It feels like once a month a model makes a point to call out some heavy-handed Photoshop artists. When will the media realize that not only is the general public so over being sold unrealistic images of beauty, but that the actual models and talent whose faces and bods are used to sell clothes/jewellery/cosmetics/technology are done with this fake version of reality, too.
Model La’Tecia Thomas is the latest to acknowledge an overly airbrushed image of herself. The Australian beauty uploaded side-by-side images, which she says were taken around the same time, to Instagram this week.
On the left is her in a red lace teddy, smooth thighs and arms and a clear face, all photoshopped to perfection. On the right is also Thomas, this time in a red two-piece swimsuit, the photo completely raw and unedited.
She’s gorgeous in both photos, but very clearly, the one on the right does look more human than the one on the left.
“What you see online or in the media isn’t always the complete truth.
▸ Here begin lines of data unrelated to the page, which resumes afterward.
Lemma npow_neg1 (s : C) : npow_neg 1 s = 1.
Proof.
by rewrite /npow_neg /cexp ln1 mulr0 /= expR0 cos0 sin0 mulr0 addr0 mulr1.
Qed.

Lemma npow_negD n (s t : R) :
  npow_neg n (s + t)%:C = npow_neg n s%:C * npow_neg n t%:C.
Proof. by rewrite !npow_neg_real -rmorphM -expRD opprD mulrDl. Qed.

Lemma npow_neg_ge0 n (t : R) : 0 <= npow_neg n t%:C.
Proof. by rewrite npow_neg_real ler0c expR_ge0. Qed.

Lemma npow_neg_noninc (t : R) : 0 <= t ->
  forall j, npow_neg j.+1 t%:C <= npow_neg j t%:C.
Proof.
move=> t_ge0 j; rewrite !npow_neg_real lecR ler_expR !mulNr lerN2 ler_wpM2l //.
have [->|j_gt0] := posnP j; first by rewrite ln1 ln_le0.
by rewrite ler_ln ?posrE ?ltr0n // ler_nat.
Qed.

Lemma dkernel_vanish s t : ~ (in_half rho s /\ in_half rho t) -> dkernel rho a s t = 0.
Proof. by move=> st_out; rewrite /dkernel asboolF. Qed.

Lemma dseries_sum_le (x : nat -> nat -> C) (z b : C) : (exists L, dseries_cvg_to x L) ->
  (forall M, (0 < M)%N -> `|psum2 x M M - z| <= b) -> `|dseries_sum x - z| <= b.
Proof.
move=> x_ex psum_le; apply: lec_addgt0r => e e_gt0.
have x_cvg : dseries_cvg_to x (dseries_sum x) := xgetPex 0 x_ex.
have [N x_near] := x_cvg e e_gt0; pose M := maxn N 1.
apply: (le_trans (ler_distD (psum2 x M M) _ _)); rewrite addrC.
by apply: lerD; rewrite ?psum_le ?leq_maxr // distrC ltW ?x_near ?leq_maxl.
Qed.

Hypothesis dsk : dirichlet_series_kernel rho a.

Lemma dkernel_corner_le (s0 : R) : rho < s0 -> exists B : R, forall sig tau : R,
  0 < sig -> 0 < tau ->
  `|dkernel rho a (s0 + sig)%:C (s0 + tau)%:C - a 1%N 1%N|
    <= B%:C *+ 2 * (npow_neg 2 sig%:C + npow_neg 2 tau%:C).
Proof.
move=> s0_in; pose c m n := a m n * npow_neg m s0%:C * npow_neg n s0%:C.
have s0C : in_half rho s0%:C := s0_in.
have [B c_le] := psum2_bounded (dsk s0C s0C : regularly_convergent c).
exists B => sig tau sig_gt0 tau_gt0.
have t_in : in_half rho (s0 + sig)%:C by exact: ltr_wpDr (ltW sig_gt0) s0_in.
have r_in : in_half rho (s0 + tau)%:C by exact: ltr_wpDr (ltW tau_gt0) s0_in.
rewrite /dkernel asboolT // conjc_real.
have terms_E : (fun m n => a m n * npow_neg m (s0 + sig)%:C * npow_neg n (s0 + tau)%:C)
    = (fun m n => c m n * npow_neg m sig%:C * npow_neg n tau%:C).
  by apply: funext => m; apply: funext => n; rewrite /c !npow_negD; ring.
rewrite terms_E; apply: dseries_sum_le => [|M M_gt0].
  by rewrite -terms_E; case: (dsk t_in r_in).
have c11 : c 1%N 1%N = a 1%N 1%N by rewrite /c !npow_neg1 !mulr1.
rewrite -c11; apply: psum2_weighted_corner_le; rewrite ?npow_neg1 //.
- by move=> j; exact: npow_neg_ge0.
- by move=> j; apply: npow_neg_noninc; exact: ltW.
- by move=> j; exact: npow_neg_ge0.
- by move=> j; apply: npow_neg_noninc; exact: ltW.
Qed.

Lemma dkernel_real_double_limit : real_double_limit (dkernel rho a) (a 1%N 1%N).
Proof.
move=> e e_gt0; have s0_in : rho < rho + 1 by rewrite ltrDl.
have [B k_le] := dkernel_corner_le s0_in.
pose d := e / (4 * (`|B| + 1)).
have d_gt0 : 0 < d by rewrite divr_gt0 // mulr_gt0 // ltr_wpDl.
have dE : d * (4 * (`|B| + 1)) = e by rewrite divfK // gt_eqF // mulr_gt0 // ltr_wpDl.
have ln2_gt0 : 0 < ln (2 : R) by rewrite ln_gt0 // ltr1n.
have w_lt sig : (d * ln 2)^-1 < sig -> expR (- sig * ln 2) < d.
  move=> sig_big; rewrite mulNr expRN_lt //.
  by rewrite -ltr_pdivrMr // -invfM.
have w_ge0 sig : 0 <= expR (- sig * ln (2 : R)) by exact: expR_ge0.
exists (rho + 1 + (d * ln 2)^-1) => t r Tt Tr.
have [sig -> sig_big] : exists2 sig, t = rho + 1 + sig & (d * ln 2)^-1 < sig.
  by exists (t - (rho + 1)); rewrite ?subrKC // ltrBrDl.
have [tau -> tau_big] : exists2 tau, r = rho + 1 + tau & (d * ln 2)^-1 < tau.
  by exists (r - (rho + 1)); rewrite ?subrKC // ltrBrDl.
have inv_gt0 : 0 < (d * ln 2)^-1 by rewrite invr_gt0 mulr_gt0.
have sig_gt0 := lt_trans inv_gt0 sig_big; have tau_gt0 := lt_trans inv_gt0 tau_big.
apply: (le_lt_trans (k_le sig tau sig_gt0 tau_gt0)).
rewrite !npow_neg_real -rmorphD -rmorphMn -rmorphM ltcR.
have := w_lt _ sig_big; have := w_lt _ tau_big; have := w_ge0 sig; have := w_ge0 tau.
have := ler_norm B; have := normr_ge0 B.
nra.
Qed.

End DirichletKernel.

Unset Implicit Arguments.

Theorem corollary2p7 (R : realType) (rho : R) (a : nat -> nat -> R[i])
    (H : set (R[i] -> R[i])) (ip : (R[i] -> R[i]) -> (R[i] -> R[i]) -> R[i]) :
  dirichlet_series_kernel rho a ->
  psd_kernel rho (dkernel rho a) ->
  is_rkhs rho (dkernel rho a) H ip ->
  closed_subspace H ip (H_inf H) /\
  (limr (fun t => limr (fun r => dkernel rho a t%:C r%:C)) != 0 ->
   reproducing_kernel_of rho (H_inf H) ip
     (fun s u => dkernel rho a s u
        - limr (fun r => dkernel rho a s r%:C)
          * limr (fun t => dkernel rho a t%:C u)
          / limr (fun t => limr (fun r => dkernel rho a t%:C r%:C)))).
Proof.
move=> dsk _ [hs hK].
have vanish := @dkernel_vanish R rho a.
have lim := dkernel_real_double_limit dsk.
split; first exact (H_inf_closed_subspace hs hK vanish lim).
exact (H_inf_reproducing_kernel hs hK vanish lim).
Qed.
This is not about putting anyone on blast but more so a reminder to not compare yourself to anyone else,” Thomas writes on her Instagram page.
The model goes on to say that she too feels the pressure of unrealistic beauty standards, even when she sees a manipulated image of herself.
“When I look at the left images I’m like damn can I please look like that and its Fk$!n ME!?! If I can’t be that person on the left (which is absurd because it’s me) then I can only imagine the effect this has on women.”
Thomas notes that she doesn’t always have control over what brands and businesses ended up doing with images she’s photographed in, so that’s why she feels the need to be honest on social media. It’s a refreshing message and one that her 660,000 strong audience should applaud her for. Or maybe a full-on standing ovation?
“I think both images are beautiful, but be realistic with yourself, you don’t need to look a certain way to be appreciated and know that you’re worthy,” she adds.
The truth is, Thomas is a natural beauty–just look at this no-makeup selfie she uploaded this week:
If the industry feels the need to enhance the beauty of the already beautiful, how the heck are the rest of us ever supposed to compete!?
Fortunately, we have models like Thomas who are fighting to be transparent about the fakeness that affects parts of the fashion and beauty industry, and shops like CVS in the States taking steps to ban manipulated photos on their beauty shelves. They’re all small steps towards solving a bigger issue, but sometimes it takes a hundred little actions to make something stick.